It’s a wonderful magic that takes place when an occupation occurs – the usual uses and flows of this space stop, as do the usual patterns of the lives of the participants. Many people here comment on how this space is utterly transformed and how even when they need to leave the site, their regular lives take on the sheen of increased possibility that comes from the collective strength and courage of participating in an action like this.
We’ve had a range of interactions with local residents, almost all of them polite even if we disagreed about the issue. Residents have dropped by to share coffee and conversation, and neighours who started out hostile came back to follow up and discuss things further. That’s one of the great advantages of having a sustained, visible presence like the Swamp Line 9 Occupation, that we can hold more sustained dialogue.
And we’re even eating well, with lots of fresh fruit from sympathetic farmers who don’t want to see their well water poisoned by Tar Sands oil. We always welcome donations though, and fruit, vegetables, prepared meat (like jerky or summer sausage) are in high demand. Please see our full list atwww.swampline9.tumblr.com for what else we can use out here.
Here are some things to keep in mind while visiting the Swamp Line 9 Action
-We are on stolen Indigenous land. The Beverly Swamp is the traditional territory of the Chonnonton people as well as of the Mississagi Anishinabex and the Onondowaga Haudenosaunee.
-Have fun, but also remember that this is a site of struggle. We need to keep on our toes and take care of each other. For this reason we seek to maintain a sober space.
-Don’t mess with any of Enbridge’s equipment. The purpose of this action is to stop construction, not to damage any equipment or facilities, and each person’s actions will affect everyone else.
-We will strive to identify and confront oppressive behaviour (for instance, sexually harassing, white supremist, or queer-phobic behaviour) and we encourage everyone to help us in this. People who persist in these kinds of behaviours will not be welcome on the site.
-Media and cops… Don’t talk to them! If you are approached by a journalist or by a police officer, we ask that you not engage with them, but rather just smile and say, ‘One second, we’re glad to talk with you, I just need to go find the media/police liaison first.”
-In case of confrontation seek to de-escalate, whether its with police, employees, locals, or anyone. This action seeks to maintain a respectful tone, even as we are determined to hold the site.

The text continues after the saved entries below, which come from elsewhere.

Lemma conic_comb_dotv_ge0 y s b :
  all (fun a => 0 <= dotv y a) s -> conic_comb s b -> 0 <= dotv y b.
Proof.
elim: s b => [|a s IHs] b /=; first by move=> _ ->; rewrite dotv0r.
move=> /andP[ya_ge0 ys_ge0] [t t_ge0 /(IHs _ ys_ge0)].
by rewrite dotvBr dotvZr subr_ge0; apply: le_trans; rewrite mulr_ge0.
Qed.

Definition oblique_proj y a v := v - (dotv y v / dotv y a) *: a.

Lemma dotv_oblique_proj y a w v :
  dotv (w - (dotv w a / dotv y a) *: y) v = dotv w (oblique_proj y a v).
Proof. by rewrite /oblique_proj dotvBl dotvZl dotvBr dotvZr; ring. Qed.

Lemma oblique_proj_id y a : dotv y a != 0 -> oblique_proj y a a = 0.
Proof. by move=> ya_neq0; rewrite /oblique_proj divff // scale1r subrr. Qed.

Lemma conic_comb_oblique_proj y a s w :
  conic_comb (map (oblique_proj y a) s) (oblique_proj y a w) ->
  exists u, conic_comb s (w - u *: a).
Proof.
elim: s w => [|a1 s IHs] w /=; first by exists (dotv y w / dotv y a).
case=> t t_ge0; rewrite (_ : _ - _ = oblique_proj y a (w - t *: a1)); last first.
  by rewrite /oblique_proj dotvBr dotvZr; apply/matrixP => i j; rewrite !mxE; ring.
by case/IHs=> u w_comb; exists u, t; rewrite // addrAC.
Qed.

Lemma farkas_seq s b :
  conic_comb s b \/ exists2 y, all (fun a => 0 <= dotv y a) s & dotv y b < 0.
Proof.
have [m] := ubnP (size s); elim: m s b => // m IHm [|a s] b /=.
  move=> _; have [-> | b_neq0] := eqVneq b 0; [by left | right; exists (- b) => //].
  by rewrite dotvNl oppr_lt0 lt_def dotvv_eq0 b_neq0 dotvv_ge0.
rewrite ltnS => s_lt.
have [b_comb | [y ys_ge0 yb_lt0]] := IHm s b s_lt.
  by left; exists 0; rewrite // scale0r subr0.
have [ya_ge0 | ya_lt0] := leP 0 (dotv y a); first by right; exists y; rewrite //= ya_ge0.
(* Fourier-Motzkin step: project onto the hyperplane [y.v = 0] along [a]. *)
have ya_neq0 : dotv y a != 0 by rewrite lt_eqF.
have ps_lt : (size (map (oblique_proj y a) s) < m)%N by rewrite size_map.
have [pb_comb | [w ws_ge0 wb_lt0]] := IHm _ (oblique_proj y a b) ps_lt.
  have [u b_comb] := conic_comb_oblique_proj pb_comb.
  left; exists u => //.
  by have := conic_comb_dotv_ge0 ys_ge0 b_comb; rewrite dotvBr dotvZr subr_ge0; nra.
right; exists (w - (dotv w a / dotv y a) *: y); last by rewrite dotv_oblique_proj.
rewrite /= dotv_oblique_proj oblique_proj_id // dotv0r lexx /=.
by move: ws_ge0; rewrite all_map; apply: sub_all => v /=; rewrite dotv_oblique_proj.
Qed.

End Farkas.

Section ConeOfMatrix.
Variables (R : realType) (r n : nat) (H : 'M[R]_(r, n)).
Implicit Types (x y : 'cV[R]_r).

Lemma dotv_mulmx y (w : 'cV[R]_n) : dotv y (H *m w) = \sum_j dotv y (col j H) * w j 0.
Proof.
rewrite /dotv; under eq_bigr => i _ do rewrite mxE mulr_sumr.
rewrite exchange_big /=; apply: eq_bigr => j _; rewrite mulr_suml.
by apply: eq_bigr => i _; rewrite !mxE mulrA.
Qed.

Lemma in_dual_coneP y : in_dual_cone H y <-> forall j, 0 <= dotv y (col j H).
Proof.
split=> [y_dual j | y_cols _ [w [w_ge0 ->]]].
  apply: y_dual; exists (delta_mx j 0); rewrite -colE; split=> // i k.
  by rewrite mxE ler0n.
by rewrite dotv_mulmx sumr_ge0 // => j _; rewrite mulr_ge0.
Qed.

Lemma nonneg_trmx_mulmxP y : nonneg_mx (H^T *m y) <-> in_dual_cone H y.
Proof.
have coordE j : (H^T *m y) j 0 = dotv y (col j H).
  by rewrite mxE; apply: eq_bigr => i _; rewrite !mxE mulrC.
rewrite in_dual_coneP; split=> [y_ge0 j | y_cols j k]; first by rewrite -coordE.
by rewrite (ord1 k) coordE.
Qed.

Lemma in_dual_coneD x y : in_dual_cone H x -> in_dual_cone H y -> in_dual_cone H (x + y).
Proof. by move=> x_dual y_dual z z_cone; rewrite dotvDl addr_ge0 ?x_dual ?y_dual. Qed.

Lemma in_dual_coneZ a y : 0 <= a -> in_dual_cone H y -> in_dual_cone H (a *: y).
Proof. by move=> a_ge0 y_dual z z_cone; rewrite dotvZl mulr_ge0 ?y_dual. Qed.

Lemma nonneg_in_dual_cone y : nonneg_mx H -> nonneg_mx y -> in_dual_cone H y.
Proof.
move=> H_ge0 y_ge0; apply/in_dual_coneP => j.
by rewrite sumr_ge0 // => i _; rewrite !mxE mulr_ge0.
Qed.

Lemma conic_comb_cols_in_cone (js : seq 'I_n) x :
  conic_comb (map (fun j => col j H) js) x -> in_cone H x.
Proof.
elim: js x => [|j js IHjs] x /=.
  by move=> ->; exists 0; rewrite mulmx0; split=> // i k; rewrite mxE.
case=> t t_ge0 /IHjs[w [w_ge0 x_eq]]; exists (w + t *: delta_mx j 0); split.
  by move=> i k; rewrite !mxE addr_ge0 ?mulr_ge0.
by rewrite mulmxDr -scalemxAr -colE -x_eq subrK.
Qed.

Lemma farkas x : in_cone H x \/ exists2 y, in_dual_cone H y & dotv y x < 0.
Proof.
have [x_comb | [y y_cols yx_lt0]] := farkas_seq (map (fun j => col j H) (enum 'I_n)) x.
  by left; exact: conic_comb_cols_in_cone x_comb.
right; exists y => //; apply/in_dual_coneP => j.
by move: y_cols; rewrite all_map => /allP/(_ j (mem_enum _ j)).
Qed.
Definition fctx := list (atom * mvar).  (* a#X  is  (a, X) *)

Fixpoint natom_occs (B : list atom) (t : nterm) : list (list atom * atom) :=
  match t with
  | NAtom a => [(B, a)]
  | NSusp _ _ => []
  | NAbs a s => natom_occs (a :: B) s
  | NApp _ s => natom_occs B s
  | NTup ts => (fix go ts := match ts with
                | [] => [] | u :: us => natom_occs B u ++ go us end) ts
  end.

Fixpoint nvar_occs (B : list atom) (t : nterm) : list (list atom * perm * mvar) :=
  match t with
  | NAtom _ => []
  | NSusp p X => [(B, p, X)]
  | NAbs a s => nvar_occs (a :: B) s
  | NApp _ s => nvar_occs B s
  | NTup ts => (fix go ts := match ts with
                | [] => [] | u :: us => nvar_occs B u ++ go us end) ts
  end.

Definition nclosed (D : fctx) (t : nterm) : Prop :=
  (forall B a, In (B, a) (natom_occs [] t) -> In a B) /\
  (forall B1 p1 B2 p2 X a,
     In (B1, p1, X) (nvar_occs [] t) -> In (B2, p2, X) (nvar_occs [] t) ->
     In (perm_app p1 a) B1 ->
     In (perm_app p2 a) B2 \/ In (a, X) D) /\
  (forall B1 p1 B2 p2 X a,
     In (B1, p1, X) (nvar_occs [] t) -> In (B2, p2, X) (nvar_occs [] t) ->
     perm_app p1 a <> perm_app p2 a ->
     (~ In (perm_app p1 a) B1 \/ ~ In (perm_app p2 a) B2) ->
     In (a, X) D).

Fixpoint lookup (xs ys : list atom) (x : atom) : option atom :=
  match xs, ys with
  | a :: xs', b :: ys' => if x =? a then Some b else lookup xs' ys' x
  | _, _ => None
  end.

Fixpoint walk (xs ys : list atom) (c : atom) (fuel : nat) (x : atom) : list atom :=
  match fuel with
  | 0 => []
  | S n => match lookup xs ys x with
           | Some y => if y =? c then [] else y :: walk xs ys c n y
           | None => []
           end
  end.

(** The maximal chain (or cycle) [c1; ...; cm] starting at c. *)
Definition chain (xs ys : list atom) (c : atom) : list atom :=
  c :: walk xs ys c (length xs) c.

Definition closes (xs ys : list atom) (c : atom) (C : list atom) : bool :=
  match lookup xs ys (last C c) with Some y => y =? c | None => false end.

Definition firstin (xs C : list atom) : option atom :=
  find (fun x => existsb (Nat.eqb x) C) xs.

(** c is the chosen starting point of a maximal chain: either the start of an
    open chain (not in the image), or the first (in xs) element of a cycle. *)
Definition is_start (xs ys : list atom) (c : atom) : bool :=
  negb (existsb (Nat.eqb c) ys) ||
  (closes xs ys c (chain xs ys c) &&
   match firstin xs (chain xs ys c) with Some d => d =? c | None => false end).

(** cycle (c1 ... cm) decomposed as (c1 cm) ... (c1 c2) *)
Definition cycle_swaps (C : list atom) : perm :=
  match C with
  | [] => []
  | c1 :: rest => map (fun c => (c1, c)) (rev rest)
  end.

Definition Psi (xs ys : list atom) : perm :=
  flat_map (fun c => if is_start xs ys c then cycle_swaps (chain xs ys c) else [])
           xs.

Definition arg_atoms (args : list mterm) : list atom :=
  flat_map (fun u => match u with MVar a => [a] | _ => [] end) args.

(** Φ_t(Z): arguments of the leftmost occurrence of Z in t. *)
Definition Phi (t : mterm) (Z : mvar) : list atom :=
  match find (fun o => match o with (_, Z', _) => Z' =? Z end) (meta_occs [] t) with
  | Some (_, _, args) => arg_atoms args
  | None => []
  end.

Fixpoint trans (phi : mvar -> list atom) (seen : list mvar) (t : mterm)
  : nterm * list mvar :=
  match t with
  | MVar a => (NAtom a, seen)
  | MMeta Z args =>
      if existsb (Nat.eqb Z) seen
      then (NSusp (Psi (phi Z) (arg_atoms args)) Z, seen)
      else (NSusp [] Z, Z :: seen)
  | MAbs a s => let (s', sn) := trans phi seen s in (NAbs a s', sn)
  | MApp f s => let (s', sn) := trans phi seen s in (NApp f s', sn)
  | MTup ts =>
      let (ts', sn) :=
        (fix go seen ts := match ts with
         | [] => ([], seen)
         | u :: us => let (u', s1) := trans phi seen u in
                      let (us', s2) := go s1 us in (u' :: us', s2)
         end) seen ts in
      (NTup ts', sn)
  end.

Definition Delta (t : mterm) : fctx :=
  flat_map (fun o => match o with (B, Z, _) =>
              map (fun b => (b, Z))
                  (filter (fun b => negb (existsb (Nat.eqb b) (Phi t Z))) B)
            end) (meta_occs [] t).

Definition Left (t : mterm) : fctx * nterm :=
  (Delta t, fst (trans (Phi t) [] t)).

From Stdlib Require Import List Arith Bool Lia Permutation.
Import ListNotations.

(** Every suspension [p·Z] of [Left t] comes from an occurrence [Z(b_1,...,b_n)]
    below binders [B], with [p = Psi (Phi t Z) [b_1;...;b_n]], or [p] the identity
    at the leftmost occurrence, where [Phi t Z = [b_1;...;b_n]].  As the [b_k] are
    bound above the occurrence, [p] maps [Phi t Z] into [B]; [p] only moves atoms
    of [Phi t Z] and the [b_k]; and every other atom of [B] is declared fresh for
    [Z] in [Delta t].  These three facts give conditions (2) and (3) of closedness,
    while (1) is the closedness of [t].  The combinatorial core is that [Psi],
    assembled from the cycles of the injection [a_k |-> b_k], maps [a_k] to [b_k]:
    each [a_k] lies on exactly one chosen chain, whose swaps move it one step
    along the chain, and the swaps of all other chains fix it. *)

Lemma last_cons {A} (y : A) l d : last (y :: l) d = last l y.
Proof.
  revert y d; induction l as [|z l IH]; intros y d; [reflexivity|].
  transitivity (last (z :: l) d); [reflexivity|]; now rewrite !IH.
Qed.

Lemma last_in {A} (l : list A) d : In (last l d) (d :: l).
Proof.
  revert d; induction l as [|z l IH]; intros d; [now left|].
  rewrite last_cons; right; apply IH.
Qed.

Lemma last_app {A} (l1 l2 : list A) d : last (l1 ++ l2) d = last l2 (last l1 d).
Proof.
  revert d; induction l1 as [|a l1 IH]; intros d; [reflexivity|].
  cbn [app]; rewrite !last_cons; apply IH.
Qed.

Lemma in_tail_of_split {A} (h : A) rest l1 u v l2 :
  h :: rest = l1 ++ u :: v :: l2 -> In v rest.
Proof.
  destruct l1 as [|w l1]; cbn; intros H; injection H as -> ->; [now left|].
  apply in_or_app; right; right; now left.
Qed.

Lemma existsb_eqb_In x l : existsb (Nat.eqb x) l = true <-> In x l.
Proof.
  rewrite existsb_exists; split.
  - intros [y [Hy E]]; apply Nat.eqb_eq in E; now subst.
  - intros H; exists x; now rewrite Nat.eqb_refl.
Qed.

Lemma find_ext {A} (p q : A -> bool) l : (forall x, p x = q x) -> find p l = find q l.
Proof. intros H; induction l as [|a l IH]; cbn; [reflexivity|]; now rewrite H, IH. Qed.

Lemma find_app_Some {A} (p : A -> bool) l1 l2 o :
  find p l1 = Some o -> find p (l1 ++ l2) = Some o.
Proof. induction l1 as [|a l1 IH]; cbn; [discriminate|]; now destruct (p a). Qed.

Lemma find_app_None {A} (p : A -> bool) l1 l2 :
  find p l1 = None -> find p (l1 ++ l2) = find p l2.
Proof. induction l1 as [|a l1 IH]; cbn; [reflexivity|]; now destruct (p a). Qed.

Lemma find_both {A} (l : list A) p q a b : NoDup l ->
  find p l = Some a -> find q l = Some b -> p b = true -> q a = true -> a = b.
Proof.
  induction 1 as [|x l Hx _ IH]; cbn; [discriminate|].
  destruct (p x) eqn:Ep, (q x) eqn:Eq; try congruence; auto.
Qed.

Lemma NoDup_snoc_inv {A} (l : list A) z : NoDup (l ++ [z]) -> NoDup l /\ ~ In z l.
Proof.
  intros H; apply NoDup_remove in H; now rewrite app_nil_r in H.
Qed.

(** * Paths along a partial function *)

Section Paths.

Context {A : Type} (g : A -> option A).

Inductive fpath : A -> list A -> Prop :=
| fpath_nil a : fpath a []
| fpath_cons a b l : g a = Some b -> fpath b l -> fpath a (b :: l).

Lemma fpath_app x l1 l2 :
  fpath x (l1 ++ l2) <-> fpath x l1 /\ fpath (last l1 x) l2.
Proof.
  revert x; induction l1 as [|b l1 IH]; intros x; cbn [app].
  - split; [split; [constructor|assumption]|tauto].
  - rewrite last_cons; split.
    + inversion 1 as [|? ? ? Hg Hp]; subst; apply IH in Hp as [? ?].
      split; [constructor|]; assumption.
    + intros [Hp Hl]; inversion Hp; subst; constructor; [|apply IH]; tauto.
Qed.

Lemma fpath_pred {x l b} : fpath x l -> In b l ->
  exists u, In u (x :: l) /\ g u = Some b.
Proof.
  induction 1 as [a|a c l Hg Hp IH]; [destruct 1|].
  intros [<-|Hb]; [exists a; split; [now left|exact Hg]|].
  destruct (IH Hb) as [u [Hu Hgu]]; exists u; split; [right|]; assumption.
Qed.

Lemma fpath_step {x l l1 u v l2} : fpath x l ->
  x :: l = l1 ++ u :: v :: l2 -> g u = Some v.
Proof.
  revert x l1; induction l as [|b l IH]; intros x l1 Hp E.
  - destruct l1 as [|? [|? ?]]; discriminate.
  - inversion Hp; subst.
    destruct l1 as [|w l1]; injection E; intros; subst; eauto.
Qed.

Lemma fpath_defined {x l} : fpath x l -> (exists v, g (last l x) = Some v) ->
  forall u, In u (x :: l) -> exists v, g u = Some v.
Proof.
  induction 1 as [a|a b l Hg Hp IH]; intros Hl u Hu.
  - destruct Hu as [<-|[]]; exact Hl.
  - rewrite last_cons in Hl; destruct Hu as [<-|Hu]; eauto.
Qed.

Lemma fpath_rotate {h l1 d l2} :
  fpath h (l1 ++ d :: l2) -> g (last (l1 ++ d :: l2) h) = Some h ->
  fpath d (l2 ++ h :: l1) /\ g (last (l2 ++ h :: l1) d) = Some d.
Proof.
  rewrite fpath_app, !last_app, !last_cons; intros [H1 H2] Hl.
  inversion H2 as [|? ? ? Hg Hp2]; subst.
  split; [apply fpath_app; split; [|constructor]|]; assumption.
Qed.

Hypothesis g_inj : forall {a b y}, g a = Some y -> g b = Some y -> a = b.

Lemma fpath_NoDup {x l} : fpath x l -> ~ In x l -> NoDup (x :: l).
Proof.
  induction 1 as [a|a b l Hg Hp IH]; intros Hx.
  - repeat constructor; tauto.
  - constructor; [assumption|]; apply IH; intros Hb.
    destruct (fpath_pred Hp Hb) as [u [Hu Hgu]].
    rewrite (g_inj Hgu Hg) in Hu; destruct Hu as [->|Hu]; apply Hx; [now left|now right].
Qed.

Lemma fpath_meet {c Wc d Wd l1 a l2 m1 m2} : fpath c Wc -> fpath d Wd ->
  c :: Wc = l1 ++ a :: l2 -> d :: Wd = m1 ++ a :: m2 ->
  In c (d :: Wd) \/ In d (c :: Wc).
Proof.
  intros Hc Hd; revert a l2 m1 m2.
  induction l1 as [|u l1 IH] using rev_ind; intros a l2 m1 m2 E1 E2.
  - injection E1 as <- _; left; rewrite E2; apply in_or_app; right; now left.
  - destruct m1 as [|u' m1 _] using rev_ind.
    + injection E2 as <- _; right; rewrite E1; apply in_or_app; right; now left.
    + rewrite <- app_assoc in E1, E2; cbn in E1, E2.
      assert (u = u') as <- by exact (g_inj (fpath_step Hc E1) (fpath_step Hd E2)).
      exact (IH u (a :: l2) m1 (a :: m2) E1 E2).
Qed.

Lemma fpath_into_cycle {c Wc d Wd m1 e m2} :
  fpath c Wc -> g (last Wc c) = Some c -> fpath d Wd ->
  d :: Wd = m1 ++ e :: m2 -> In e (c :: Wc) -> In d (c :: Wc).
Proof.
  intros Hc Hcl Hd; revert e m2.
  induction m1 as [|u m1 IH] using rev_ind; intros e m2 E He.
  - now injection E as ->.
  - rewrite <- app_assoc in E; cbn in E.
    assert (Hpred : exists u', In u' (c :: Wc) /\ g u' = Some e).
    { destruct He as [<-|He]; [exists (last Wc c); split; [apply last_in|exact Hcl]|].
      exact (fpath_pred Hc He). }
    destruct Hpred as [u' [Hu' Hg]].
    rewrite (g_inj (fpath_step Hd E) Hg) in E; exact (IH u' (e :: m2) E Hu').
Qed.

End Paths.

(** * Permutations as lists of swappings *)

Lemma perm_app_app p q a : perm_app (p ++ q) a = perm_app p (perm_app q a).
Proof. apply fold_right_app. Qed.

Lemma perm_app_cons s p a : perm_app (s :: p) a = swap_app s (perm_app p a).
Proof. reflexivity. Qed.

Lemma swap_app_id u v a : a <> u -> a <> v -> swap_app (u, v) a = a.
Proof.
  cbn; intros; destruct (Nat.eqb_spec a u), (Nat.eqb_spec a v); congruence.
Qed.
(* Let $\mathcal{S}$ be a set, $\mathcal{A}$ a finite set and $\boldsymbol\varphi:\mathcal{S}\times\mathcal{A}\to\mathbb{R}^d$ with $\|\boldsymbol\varphi(s,a)\|_2\le1$ for all $(s,a)$. Fix constants $L,B,D,M>0$ and $\lambda>0$. Let $\mathcal{Q}$ be the class of functions $\mathcal{S}\times\mathcal{A}\to\mathbb{R}$ of the form $$Q(\cdot,\cdot)=\Big(\mathbf w^\top\boldsymbol\varphi(\cdot,\cdot)+v+\beta\sqrt{\boldsymbol\varphi(\cdot,\cdot)^\top\Lambda^{-1}\boldsymbol\varphi(\cdot,\cdot)}\Big)\wedge M$$ with $\|\mathbf w\|_2\le L$, $\beta\in[0,B]$, $v\in[0,D]$, and $\Lambda$ a positive definite matrix with $\lambda_{\min}(\Lambda)\ge\lambda$. Let $$\mathcal{V}=\Big\{\max_aQ(\cdot,a):\ Q(\cdot,\cdot)=\textsc{Clip}\big(Q_1(\cdot,\cdot);\,Q_2(\cdot,\cdot)\vee Q_3(\cdot,\cdot),\,Q_4(\cdot,\cdot)\wedge Q_5(\cdot,\cdot)\big),\ Q_1,\dots,Q_5\in\mathcal{Q}\Big\}.$$ Then for every $\varepsilon>0$, $$\log\mathcal{N}_\varepsilon(\mathcal{V},\|\cdot\|_\infty)\le5d\log(1+8L/\varepsilon)+5\log(1+8D/\varepsilon)+5d^2\log\big[1+8d^{1/2}B^2/(\lambda\varepsilon^2)\big].$$
   Context: $a\vee b=\max\{a,b\}$, $a\wedge b=\min\{a,b\}$ (applied pointwise to functions), $\textsc{Clip}(x;L,U)=(x\vee L)\wedge U$. $\mathcal{N}_\varepsilon(\mathcal{F},\|\cdot\|_\infty)$ denotes the $\varepsilon$-covering number of the function class $\mathcal{F}$ with respect to the distance $\sup_x|f(x)-g(x)|$. *)

From HB Require Import structures.
From mathcomp Require Import all_boot all_order all_algebra.
From mathcomp Require Import all_classical all_reals.
From mathcomp Require Import exp.
Set Implicit Arguments. Unset Strict Implicit. Unset Printing Implicit Defensive.
Import Order.TTheory GRing.Theory Num.Theory.
Local Open Scope ring_scope.

Section Defs.
Variable R : realType.

Definition norm2 (d : nat) (x : 'cV[R]_d) : R :=
  Num.sqrt (\sum_(i < d) x i ord0 ^+ 2).

Definition qform (d : nat) (M : 'M[R]_d) (x : 'cV[R]_d) : R :=
  ((x^T *m M *m x) ord0 ord0).

Definition posdef (d : nat) (M : 'M[R]_d) : Prop :=
  M^T = M /\ forall x : 'cV[R]_d, x != 0 -> 0 < qform M x.

Definition lambda_min_ge (d : nat) (M : 'M[R]_d) (lam : R) : Prop :=
  forall a : R, eigenvalue M a -> lam <= a.

Definition clip (x L U : R) : R := Num.min (Num.max x L) U.

Section Fun.
Variables (S : Type) (A : finType) (d : nat) (phi : S -> A -> 'cV[R]_d).

Definition Qfun (M : R) (w : 'cV[R]_d) (v beta : R) (Lam : 'M[R]_d) : S -> A -> R :=
  fun s a => Num.min ((w^T *m phi s a) ord0 ord0 + v
                      + beta * Num.sqrt (qform (invmx Lam) (phi s a))) M.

-On that note, there are three Enbridge employees on site. We have negotiated that they will stay to perform regular safety checks on the construction facility. Apart from shift changes, they stay near their trucks in the area closest to the fenced compound. We ask that you not engage with them or photograph them, and they should not be engaging or photographing you either.
-This action is definitely not a safe place to talk about doing illegal actions or about one’s desire to do such actions.
-Let’s be mindful not to make too much noise to avoid pissing off the neighbours.